Records excerpted from a collection:

· · · ·

Lemma agenda_separable_of (R : rule n I) :
  (forall A1 A2 : {set I}, A2 = ~: A1 -> independent Gamma phi A1 A2 ->
     forall P J, R [set: I] P J -> R A1 (restrict P A1) (J :&: agf A1)) ->
  (forall A1 A2 : {set I}, A2 = ~: A1 -> independent Gamma phi A1 A2 ->
     forall P J1 J2, R A1 (restrict P A1) J1 -> R A2 (restrict P A2) J2 ->
     R [set: I] P (J1 :|: J2)) ->
  agenda_separable Gamma phi R.
Proof.
move=> R_restrict R_union A1 A2 P part ind _ J.
have A2C := partition2_compl part.
have A1C : A1 = ~: A2 by rewrite A2C setCK.
split=> [RJ | [J1 [J2 [RJ1 RJ2 ->]]]]; last exact: R_union _ _ A2C ind _ _ _ RJ1 RJ2.
exists (J :&: agf A1), (J :&: agf A2); split; first exact: R_restrict _ _ A2C ind _ _ RJ.
  exact: R_restrict _ _ A1C (independent_sym ind) _ _ RJ.
by rewrite (setI_agf_split A2C).
Qed.

End Agenda.

Theorem proposition3 (V : Type) (Gamma : form V) (n : nat) (I : finType)
    (phi : I -> form V) :
  (exists v : V -> bool, eval v Gamma) -> 0 < n -> agenda_ok phi ->
  [/\ @agenda_separable V Gamma n I phi (@MC V Gamma n I phi),
      @agenda_separable V Gamma n I phi (@MCC V Gamma n I phi),
      @agenda_separable V Gamma n I phi (@RA V Gamma n I phi)
    & @agenda_separable V Gamma n I phi (@FULL_H V Gamma n I phi)].
Proof.
move=> Gamma_sat _ _.
split; apply: agenda_separable_of => A1 A2 A2C ind P.
- by move=> J /(MC_restrict A2C ind).
- by move=> J1 J2 RJ1 /(MC_union A2C ind RJ1).
- by move=> J /(MCC_restrict A2C ind).
- by move=> J1 J2 RJ1 /(MCC_union A2C ind RJ1).
- by move=> J /(RA_restrict Gamma_sat A2C ind).
- by move=> J1 J2 RJ1 /(RA_union Gamma_sat A2C ind RJ1).
- by move=> J /(FULL_H_restrict A2C ind).
- by move=> J1 J2 RJ1 /(FULL_H_union A2C ind RJ1).
Qed.
Lemma map_mxpow (F : fieldType) (R : comUnitRingType) (f : {rmorphism F -> R}) d
    (A : 'M[F]_d) m :
  map_mx f (mxpow A m) = mxpow (map_mx f A) m.
Proof. by elim: m => [|m IH]; rewrite /= ?map_mx1 // map_mxM IH. Qed.

Lemma map_mxpowz (F : fieldType) (R : comUnitRingType) (f : {rmorphism F -> R}) d
    (A : 'M[F]_d) n :
  map_mx f (mxpowz A n) = mxpowz (map_mx f A) n.
Proof. by case: n => m; rewrite /mxpowz map_mxpow ?map_invmx. Qed.

Lemma sum_neq0 (V : zmodType) (I : eqType) (r : seq I) (F : I -> V) :
  \sum_(i <- r) F i != 0 -> exists2 i, i \in r & F i != 0.
Proof.
move=> nz; apply/hasP; apply: contraNT nz => /hasPn Z.
by rewrite big1_seq // => i /andP[_ /Z/negPn/eqP].
Qed.

Section Conjugation.
Variables (R : comUnitRingType) (d : nat) (P Q : 'M[R]_d).
Hypotheses (PQ : P *m Q = 1%:M) (QP : Q *m P = 1%:M).

Lemma comm_conjE (D g : 'M[R]_d) :
  g *m (P *m D *m Q) = (P *m D *m Q) *m g <->
  (Q *m g *m P) *m D = D *m (Q *m g *m P).
Proof.
split=> [/(congr1 (fun X => Q *m X *m P)) | /(congr1 (fun X => P *m X *m Q))] /=.
  by rewrite !mulmxA -!(mulmxA _ Q P) QP !mulmx1 mul1mx.
by rewrite !mulmxA PQ mul1mx -!(mulmxA _ P Q) PQ mulmx1.
Qed.

End Conjugation.

Section DiagonalCoordinates.
Variables (K : fieldType) (d : nat) (P Q : 'M[K]_d).
Hypotheses (PQ : P *m Q = 1%:M) (QP : Q *m P = 1%:M).

Lemma mxpow_conj_diag (e : 'rV[K]_d) m :
  mxpow (P *m diag_mx e *m Q) m = P *m diag_mx (\row_i e 0 i ^+ m) *m Q.
Proof.
elim: m => [|m IH].
  have -> : \row_i e 0 i ^+ 0 = const_mx 1 by apply/rowP=> i; rewrite !mxE.
  by rewrite diag_const_mx mulmx1 PQ.
rewrite /= IH !mulmxA -[P *m diag_mx e *m Q *m P]mulmxA QP mulmx1.
rewrite -[P *m diag_mx e *m _]mulmxA mulmx_diag.
by congr (_ *m diag_mx _ *m _); apply/rowP=> i; rewrite !mxE exprS.
Qed.

Lemma mxpowz_conj_diag (e : 'rV[K]_d) n : (forall i, e 0 i != 0) ->
  mxpowz (P *m diag_mx e *m Q) n = P *m diag_mx (\row_i e 0 i ^ n) *m Q.
Proof.
move=> e0; case: n => m; rewrite /mxpowz; first by rewrite mxpow_conj_diag.
have -> : invmx (P *m diag_mx e *m Q) = P *m diag_mx (\row_i (e 0 i)^-1) *m Q.
  apply: invmx_right; rewrite !mulmxA -[_ *m Q *m P]mulmxA QP mulmx1.
  rewrite -[P *m diag_mx e *m _]mulmxA mulmx_diag.
  have -> : \row_i (e 0 i * (\row_i (e 0 i)^-1) 0 i) = const_mx 1.
    by apply/rowP=> i; rewrite !mxE mulfV.
  by rewrite diag_const_mx mulmx1 PQ.
rewrite mxpow_conj_diag; congr (_ *m diag_mx _ *m _).
by apply/rowP=> i; rewrite !mxE exprVn.
Qed.

Lemma Q_col i : Q *m col i P = delta_mx i 0.
Proof. by rewrite colE mulmxA QP mul1mx. Qed.

Lemma conj_diag_col (e : 'rV[K]_d) i :
  (P *m diag_mx e *m Q) *m col i P = e 0 i *: col i P.
Proof.
rewrite -!mulmxA Q_col colE scalemxAr; congr (P *m _).
apply/matrixP=> a b; rewrite mul_diag_mx !mxE.
by case: (eqVneq a i) => [->|]; rewrite ?mulr0 ?mulr1.
Qed.

Lemma conj_diag_eig_coord (e : 'rV[K]_d) c (x : 'cV[K]_d) :
  (P *m diag_mx e *m Q) *m x = c *: x ->
  forall i, e 0 i * (Q *m x) i 0 = c * (Q *m x) i 0.
Proof.
move=> /(congr1 (mulmx Q)); rewrite -scalemxAr !mulmxA QP mul1mx -mulmxA.
by rewrite mul_diag_mx => /matrixP E i; have := E i 0; rewrite !mxE.
Qed.

Lemma close_eigspE (Lp : K -> Prop) (e : 'rV[K]_d) lam w : Lp 1 ->
  close_eigsp (P *m diag_mx e *m Q) Lp lam w <->
  forall i, (Q *m w) i 0 != 0 -> in_coset Lp lam (e 0 i).
Proof.
move=> L1; split=> [[s [Hs ->]] i | Hw].
  rewrite mulmx_sumr summxE => nz.
  have [p ps nzp] := sum_neq0 nz.
  have [[l [Ll El]] Ep] := Hs p ps.
  by exists l; split=> //; rewrite -El; apply: (mulIf nzp); exact: conj_diag_eig_coord.
exists [seq (if (Q *m w) i 0 == 0 then lam else e 0 i, (Q *m w) i 0 *: col i P)
       | i <- index_enum 'I_d]; split.
  move=> _ /mapP[i _ ->] /=; case: eqP => [-> | /eqP nz].
    by split; [exists 1; rewrite mulr1 | rewrite scale0r mulmx0 scaler0].
  by split; [exact: Hw | rewrite -scalemxAr conj_diag_col !scalerA mulrC].
by rewrite big_map -[LHS]mul1mx -PQ -mulmxA mulmx_sum_col.
Qed.

Lemma col_close_eigsp (Lp : K -> Prop) (e : 'rV[K]_d) lam i :
  Lp 1 -> in_coset Lp lam (e 0 i) ->
  close_eigsp (P *m diag_mx e *m Q) Lp lam (col i P).
Proof.
move=> L1 Hi; apply/close_eigspE => // i'; rewrite Q_col mxE.
by case: (i' =P i) => [-> // | _ /=]; rewrite eqxx.
Qed.

Lemma stab_close_coords (Lp : K -> Prop) (e : 'rV[K]_d) (R : comUnitRingType)
    (h : {rmorphism K -> R}) (g : 'M[R]_d) :
  is_mult_subgroup Lp -> (forall i, e 0 i != 0) ->
  stab_close (P *m diag_mx e *m Q) Lp h g -> forall i j,
    (map_mx h Q *m g *m map_mx h P) i j != 0 -> in_coset Lp (e 0 j) (e 0 i).
Proof.
move=> HLp e0 [_ Hst] i j; have [_ L1 _ _] := HLp.
have [s [Hs Eg]] := Hst _ (e0 j) _ (col_close_eigsp L1 (in_coset_refl HLp _)).
have -> : (map_mx h Q *m g *m map_mx h P) i j =
          (map_mx h Q *m (g *m map_mx h (col j P))) i 0.
  by rewrite map_col colE !mulmxA -colE !mxE.
rewrite Eg mulmx_sumr summxE => /sum_neq0[p ps].
rewrite -scalemxAr -map_mxM 2!mxE.
have [-> | nzp] := eqVneq ((Q *m p.2) i 0) 0; first by rewrite rmorph0 mulr0 eqxx.
by move=> _; exact: (close_eigspE _ _ _ L1).1 (Hs p ps) i nzp.
Qed.
(* For all integers $0\le k\le l$, the ideal $I_{l,k}=(h_{l,k,0},h_{l,k,1},\dots,h_{l,k,k})$ of $\mathbb{Z}[q,q^{-1}]$ is principal, generated by $g_{l,k}=\mathrm{GCD}(h_{l,k,0},\dots,h_{l,k,k})$.
   Context: In $\mathbb{Z}[q,q^{-1}]$ set $\{i\}_q=q^i-1$, $\{i\}_{q,n}=\{i\}_q\{i-1\}_q\cdots\{i-n+1\}_q$ (equal to $1$ for $n=0$), $\{n\}_q!=\{n\}_{q,n}$. For $0\le i\le k\le l$ set $h_{l,k,i}=\{l-i\}_{q,k-i}\,\{i\}_q!$. $(a_1,\dots,a_r)$ denotes the ideal generated by $a_1,\dots,a_r$; GCD is a greatest common divisor in the UFD $\mathbb{Z}[q,q^{-1}]$ (defined up to units $\pm q^j$). *)

(* Z[q,q^-1] is modelled as the subring of the fraction field
   Frac(Z[q]) = {fraction {poly int}} consisting of elements p / q^n. *)
From HB Require Import structures.
From mathcomp Require Import all_boot all_order all_algebra.
From mathcomp Require Import fraction.
Set Implicit Arguments. Unset Strict Implicit. Unset Printing Implicit Defensive.
Import Order.TTheory GRing.Theory Num.Theory.
Local Open Scope ring_scope.

Definition Lfield := {fraction {poly int}}.
Notation tof := (@tofrac {poly int}).

Definition qbr (i : nat) : {poly int} := 'X^i - 1.
Definition qfall (i n : nat) : {poly int} := \prod_(j < n) qbr (i - j)%N.
Definition qfact (n : nat) : {poly int} := qfall n n.
Definition hlki (l k i : nat) : {poly int} := qfall (l - i)%N (k - i)%N * qfact i.

Definition inLaurent (x : Lfield) : Prop :=
  exists (p : {poly int}) (n : nat), x = tof p / tof ('X^n : {poly int}).

Definition ldvd (a b : Lfield) : Prop := exists c, inLaurent c /\ b = a * c.

Definition inIlk (l k : nat) (x : Lfield) : Prop :=
  exists c : 'I_k.+1 -> Lfield, (forall i, inLaurent (c i)) /\
    x = \sum_(i < k.+1) c i * tof (hlki l k i).

Definition isGCDlk (l k : nat) (g : Lfield) : Prop :=
  inLaurent g /\ (forall i : 'I_k.+1, ldvd g (tof (hlki l k i))) /\
  (forall d, inLaurent d -> (forall i : 'I_k.+1, ldvd d (tof (hlki l k i))) -> ldvd d g).

From HB Require Import structures.
From mathcomp Require Import all_boot all_order all_algebra.
From mathcomp Require Import fraction cyclotomic.
From mathcomp Require Import ring zify.
From Stdlib Require Import Classical.
Import Order.TTheory GRing.Theory Num.Theory.

(* For 1 <= t <= l, {t}_q = q^t - 1 is the product of the cyclotomic Phi_d, d | t,
   hence h_{l,k,i} = prod_{d <= l} Phi_d ^ hexp i d, where hexp i d counts the
   factors {t}_q of h_{l,k,i} with d | t.  Put g = prod_d Phi_d ^ (min_i hexp i d)
   and h_{l,k,i} = g * w_i.  The heart of the proof is that the cofactors w_i
   generate the unit ideal of Z[q]; then g lies in I_{l,k} and divides every
   generator, which makes g a GCD and I_{l,k} = (g') for every GCD g'. *)

Set Implicit Arguments. Unset Strict Implicit. Unset Printing Implicit Defensive.

Lemma count_multiples d a n : 0 < d ->
  \sum_(j < n) (d %| a + (n - j)) + a %/ d = (a + n) %/ d.
Proof.
move=> d_gt0; elim: n => [|n IHn]; first by rewrite big_ord0 addn0.
rewrite big_ord_recl /= subn0 addnS divnS // -IHn -addnA.
by congr (_ + (_ + _)); apply: eq_bigr => j _; rewrite /bump /= add1n subSS.
Qed.
Theorem mainTheorem9 (R : realType) (n : nat)
  (Sigma : 'M[R]_n) (gam : 'I_n -> R)
  (HSsym : Sigma^T = Sigma)
  (HSpd : forall x : 'cV[R]_n, x != 0 -> 0 < (x^T *m Sigma *m x) 0 0)
  (Hgam : forall i, 0 < gam i)
  (d : measure_display) (Omega : measurableType d)
  (Pk : 'I_n -> probability Omega R) (Mr : Omega -> 'M[R]_n)
  (Hmeas : forall i j, measurable_fun setT (fun w => Mr w i j))
  (Hmom1 : forall k i j, (Pk k).-integrable setT (fun w => (Mr w i j)%:E))
  (Hmom2 : forall k i j, (Pk k).-integrable setT (fun w => ((Mr w i j) ^+ 2)%:E))
  (S : {set 'I_n}) :
  (forall (k : 'I_n) (delta : 'I_n -> 'cV[R]_n),
     k \in S -> (forall j, j \notin S -> delta j = 0) ->
     (best_response Sigma gam Pk Mr k delta <-> br_eq Sigma gam Pk Mr S k delta))
  /\
  (forall delta : 'I_n -> 'cV[R]_n, (forall j, j \notin S -> delta j = 0) ->
     (nash Sigma gam Pk Mr S delta <->
      (forall k, k \in S -> br_eq Sigma gam Pk Mr S k delta)))
  /\
  ((~ exists delta : 'I_n -> 'cV[R]_n, (forall j, j \notin S -> delta j = 0) /\
        (forall k, k \in S -> br_eq Sigma gam Pk Mr S k delta)) ->
   ~ exists delta : 'I_n -> 'cV[R]_n, (forall j, j \notin S -> delta j = 0) /\
        nash Sigma gam Pk Mr S delta).
Proof.
have BR := best_responseP HSsym HSpd Hgam Hmeas Hmom1 Hmom2 (S := S).
split; [|split].
- by move=> k delta _ supp; exact: BR.
- by move=> delta supp; split => br k kS; apply/(BR k delta supp)/br.
- move=> no_sol [delta [supp nash_delta]]; apply: no_sol; exists delta.
  by split => // k kS; apply/(BR k delta supp)/nash_delta.
Qed.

· · · ·

> **Task prompt**
Reproduce verbatim the lines above, from the line with "by rewrite (setI_agf_split A2C)." through the line with "Proof. by elim: m".

> **Finished task**
by rewrite (setI_agf_split A2C).
Qed.

End Agenda.

Theorem proposition3 (V : Type) (Gamma : form V) (n : nat) (I : finType)
    (phi : I -> form V) :
  (exists v : V -> bool, eval v Gamma) -> 0 < n -> agenda_ok phi ->
  [/\ @agenda_separable V Gamma n I phi (@MC V Gamma n I phi),
      @agenda_separable V Gamma n I phi (@MCC V Gamma n I phi),
      @agenda_separable V Gamma n I phi (@RA V Gamma n I phi)
    & @agenda_separable V Gamma n I phi (@FULL_H V Gamma n I phi)].
Proof.
move=> Gamma_sat _ _.
split; apply: agenda_separable_of => A1 A2 A2C ind P.
- by move=> J /(MC_restrict A2C ind).
- by move=> J1 J2 RJ1 /(MC_union A2C ind RJ1).
- by move=> J /(MCC_restrict A2C ind).
- by move=> J1 J2 RJ1 /(MCC_union A2C ind RJ1).
- by move=> J /(RA_restrict Gamma_sat A2C ind).
- by move=> J1 J2 RJ1 /(RA_union Gamma_sat A2C ind RJ1).
- by move=> J /(FULL_H_restrict A2C ind).
- by move=> J1 J2 RJ1 /(FULL_H_union A2C ind RJ1).
Qed.
Lemma map_mxpow (F : fieldType) (R : comUnitRingType) (f : {rmorphism F -> R}) d
    (A : 'M[F]_d) m :
  map_mx f (mxpow A m) = mxpow (map_mx f A) m.
Proof. by elim: m => [|m IH]; rewrite /= ?map_mx1 // map_mxM IH. Qed.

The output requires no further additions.